Report every line below that holds the word "exact".

(Source records)
____________________
Lemma kernel_vector_fov (B : 'M[C]_n) (p : R) (al be ga : C) (v : 'cV[C]_n) :
  v != 0 -> al *: v + be *: (A *m v) - ga *: (B *m v) = 0 ->
  exists (r : R) (mu : C),
    [/\ in_fov (S (p / 2 - 1) *m B *m S (- (p / 2))) mu, in_fov A r%:C
       & al + (be - ga * mu) * r%:C = 0].
Proof.
move=> v0 kerv.
have [w vE w0] : exists2 w, v = S (- (p / 2)) *m w & w != 0.
  exists (S (p / 2) *m v); last by rewrite spec_pow_mulmx_eq0.
  by rewrite mulmxA spec_powD addNr spec_pow0 mul1mx.
have := spec_pow_forms p w; rewrite -vE; set g := S _ *m w => -[form_v form_Av form_Ag].
have g0 : g != 0 by rewrite spec_pow_mulmx_eq0.
have [rw rw0 ww] := adj_mulmx_self w0.
have [rg rg0 gg] := adj_mulmx_self g0.
set X := adj w *m (S (p / 2 - 1) *m B *m S (- (p / 2))) *m w.
have form_Bv : adj w *m S (p / 2 - 1) *m (B *m v) = X by rewrite vE /X !mulmxA.
have eq_g : al * rg%:C + be * rw%:C - ga * X 0 0 = 0.
  have := congr1 (fun Y => (adj w *m S (p / 2 - 1) *m Y) 0 0) kerv.
  rewrite /= mulmxBr mulmxDr -!scalemxAr form_v form_Av form_Bv gg ww mulmx0.
  by clearbody X; rewrite !mxE !mulr1n.
have rwC : rw%:C != 0 by rewrite eq_complex /= negb_and gt_eqF.
have rgC : rg%:C != 0 by rewrite eq_complex /= negb_and gt_eqF.
exists (rw / rg), (X 0 0 / rw%:C); split.
- exact: rayleigh_in_fov.
- by have := rayleigh_in_fov A rg0 gg; rewrite form_Ag ww mxE mulr1n rmorphM fmorphV.
- rewrite rmorphM fmorphV /=; apply: (mulIf rgC); rewrite mul0r -eq_g; field.
  by rewrite rwC rgC.
Qed.

End SpectralPowers.
Lemma Siso_trans (gT hT kT : finGroupType) (A B : {group gT}) (A' B' : {group hT})
    (A'' B'' : {group kT}) :
  A \subset B -> Siso A B A' B' -> Siso A' B' A'' B'' -> Siso A B A'' B''.
Proof.
move=> sAB [f [isof fA]] [g [isog gA]].
have sBd : B \subset 'dom (g \o f).
  by rewrite /dom /= -(isom_im isof) morphimGK ?subsetIl // (isom_inj isof).
exists (restrm sBd (g \o f)); split; last first.
  by rewrite restrmEsub ?(subset_trans sAB) // morphim_comp fA gA.
apply/isomP; split.
  by rewrite injm_restrm // injm_comp ?(isom_inj isof) ?(isom_inj isog).
by rewrite restrmEsub // morphim_comp (isom_im isof) (isom_im isog).
Qed.

Lemma Siso_dprod (gT : finGroupType) (H K H1 K1 G G1 : {group gT}) :
  H \x K = G -> H1 \x K1 = G1 -> H1 \subset H -> K1 \subset K ->
  Siso (setX H1 K1) (setX H K) G1 G.
Proof.
move=> /mulgmP/misomP[mulM isoG] /dprodP[_ defG1 _ _] sH1 sK1.
exists (morphm_morphism mulM); split => //.
by rewrite morphimEsub ?setXS //= imset_mulgm.
Qed.

Section GStructure.
Variables (gT : finGroupType) (X : sobj gT).
Local Notation G := (Gof X).

Lemma val_Gmul (x y : G) : val (x * y) = Gmul_raw (val x) (val y).
Proof. by []. Qed.

Definition Gelt (a b : gT) (d : 'I_(gk X).+1) : G := insubd (1 : G) (a, b, d).

Lemma val_Gelt a b d : a \in sA X -> b \in sB X -> val (Gelt a b d) = (a, b, d).
Proof. by move=> Aa Bb; rewrite /Gelt insubdK // unfold_in /gpred /= Aa Bb. Qed.

Lemma expg_inZp1 a : a \in sA X -> a ^+ (inZp 1 : 'I_(gk X).+1) = a.
Proof. by move=> Aa; rewrite /= expg_mod ?expg1 // gk_eq expg_exponent. Qed.

Definition Gbase (b : gT) : G := Gelt 1 b 0%R.

Lemma val_Gbase b : b \in sB X -> val (Gbase b) = (1, b, 0%R).
Proof. exact/val_Gelt/group1. Qed.

Lemma Gbase_morphM : {in sB X &, {morph Gbase : b b' / b * b'}}.
Proof.
move=> b b' Bb Bb'; apply: val_inj.
by rewrite val_Gmul !val_Gbase ?groupM // /Gmul_raw /= mul1g expg0 mulg1 addr0.
Qed.
Canonical Gbase_morphism := Morphism Gbase_morphM.

Lemma injm_Gbase : 'injm Gbase.
Proof. by apply/injmP=> b b' Bb Bb' /(congr1 val); rewrite !val_Gbase // => -[]. Qed.

Lemma Gbase_sub_center : Gbase @* sB X \subset 'Z([set: G]).
Proof.
apply/subsetP=> _ /morphimP[b Bb _ ->]; apply/centerP; split; first by rewrite inE.
move=> [[[a' b'] d'] Hy] _; have /andP[/= Aa' Bb'] := Hy; apply: val_inj.
rewrite !val_Gmul val_Gbase // /Gmul_raw /= expg1n mul1g !mulg1 add0r addr0.
by rewrite (comB Bb Bb').
Qed.

(* Commuting with (1, 1, 1) forces a = 1; commuting with every (a', 1, 0)
   forces exponent A to divide d. *)
Lemma center_val x : x \in 'Z([set: G]) -> val x = (1, (val x).1.2, 0%R).
Proof.
case/centerP=> _ cx; case: x cx => [[[a b] d] Hx] cx /=; have /andP[/= Aa Bb] := Hx.
have a1 : a = 1.
  have /(congr1 val) := cx (Gelt 1 1 (inZp 1)) (in_setT _).
  rewrite !val_Gmul val_Gelt //= /Gmul_raw /= expg_inZp1 // expg1n !mulg1 mul1g.
  by case=> /(congr1 (mulg^~ b^-1)); rewrite mulgK mulgV.
have ed : exponent (sA X) %| d.
  apply/exponentP=> a' Aa'.
  have /(congr1 val) := cx (Gelt a' 1 0%R) (in_setT _).
  rewrite !val_Gmul val_Gelt //= /Gmul_raw /= a1 !mulg1 mul1g.
  by case=> /(congr1 (mulg b^-1)); rewrite mul1g mulKg mulVg => ->.
congr (_, _, _) => //; apply: val_inj => /=; apply/eqP.
apply: contraLR (ltn_ord d); rewrite -lt0n -leqNgt => d_gt0.
by apply: leq_trans (dvdn_leq d_gt0 ed); rewrite gk_eq.
Qed.

Lemma Gbase_center : Gbase @* sB X = 'Z([set: G]).
Proof.
apply/eqP; rewrite eqEsubset Gbase_sub_center; apply/subsetP=> x Zx.
have [/andP[_ Bb] ex] := (valP x, center_val Zx).
by apply/morphimP; exists (val x).1.2 => //; apply: val_inj; rewrite val_Gbase.
Qed.

Lemma Gcommg (x y : G) :
  [~ x, y] = Gbase (((val x).1.1 ^+ (val y).2)^-1 * (val y).1.1 ^+ (val x).2).
Proof.
apply: (mulgI (y * x)); rewrite -commgC.
case: x => [[[a b] d] Hx]; have /andP[/= Aa Bb] := Hx.
case: y => [[[a' b'] d'] Hy]; have /andP[/= Aa' Bb'] := Hy.
have [Ba Ba'] := (sAB_mem Aa, sAB_mem Aa').
have Bad' : a ^+ d' \in sB X by rewrite groupX.
have Ba'd : a' ^+ d \in sB X by rewrite groupX.
apply: val_inj.
rewrite !val_Gmul val_Gbase ?groupM ?groupV // /Gmul_raw /= expg1n mulg1 addr0.
congr (_, _, _); [exact: comB Ba Ba' | | by rewrite addrC].
rewrite mulg1 !mulgA [b' * _](comB Bb' Bad') -[_ * b' * b]mulgA -[_ * (b' * b) * _]mulgA.
rewrite (comB (groupM Bb' Bb) (groupVr Bad')) mulKVg (comB Bb' Bb) -!mulgA.
by rewrite (comB Bb' Ba'd).
Qed.

Lemma Gbase_der : Gbase @* sA X = [~: [set: G], [set: G]].
Proof.
apply/eqP; rewrite eqEsubset; apply/andP; split.
  apply/subsetP=> _ /morphimP[a _ Aa ->] /=.
  have <- : [~ Gelt 1 1 (inZp 1), Gelt a 1 0%R] = Gbase a.
    by rewrite Gcommg !val_Gelt ?sAB_mem //= expg_inZp1 // expg0 invg1 mul1g.
  by rewrite mem_commg ?inE.
rewrite gen_subG; apply/subsetP=> _ /imset2P[x y _ _ ->]; rewrite Gcommg.
have [/andP[Ax _] /andP[Ay _]] := (valP x, valP y).
have Ac : ((val x).1.1 ^+ (val y).2)^-1 * (val y).1.1 ^+ (val x).2 \in sA X.
  by rewrite groupM ?groupV ?groupX.
by rewrite mem_morphim ?sAB_mem.
Qed.

Lemma Gder_sub_center : [~: [set: G], [set: G]] \subset 'Z([set: G]).
Proof. by rewrite -Gbase_der -Gbase_center morphimS ?sA_sub. Qed.

Lemma Siso_der_center : Siso (sA X) (sB X) [~: [set: G], [set: G]] 'Z([set: G]).
Proof.
exists Gbase_morphism; split; last exact: Gbase_der.
by apply/isomP; split; [exact: injm_Gbase | exact: Gbase_center].
Qed.

Lemma nilpotent_Gof : nilpotent [set: G].
Proof.
apply/ucnP; exists 2; apply/eqP; rewrite eqEsubset ucn_sub; apply/subsetP=> x _.
by rewrite ucnSnR ucn1 !inE (subset_trans _ Gder_sub_center) // commgSS ?subsetT.
Qed.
____________________
### WRITTEN SOLUTION
- exact: rayleigh_in_fov.
Proof. exact/val_Gelt/group1. Qed.
congr (_, _, _); [exact: comB Ba Ba' | | by rewrite addrC].
exists Gbase_morphism; split; last exact: Gbase_der.
by apply/isomP; split; [exact: injm_Gbase | exact: Gbase_center].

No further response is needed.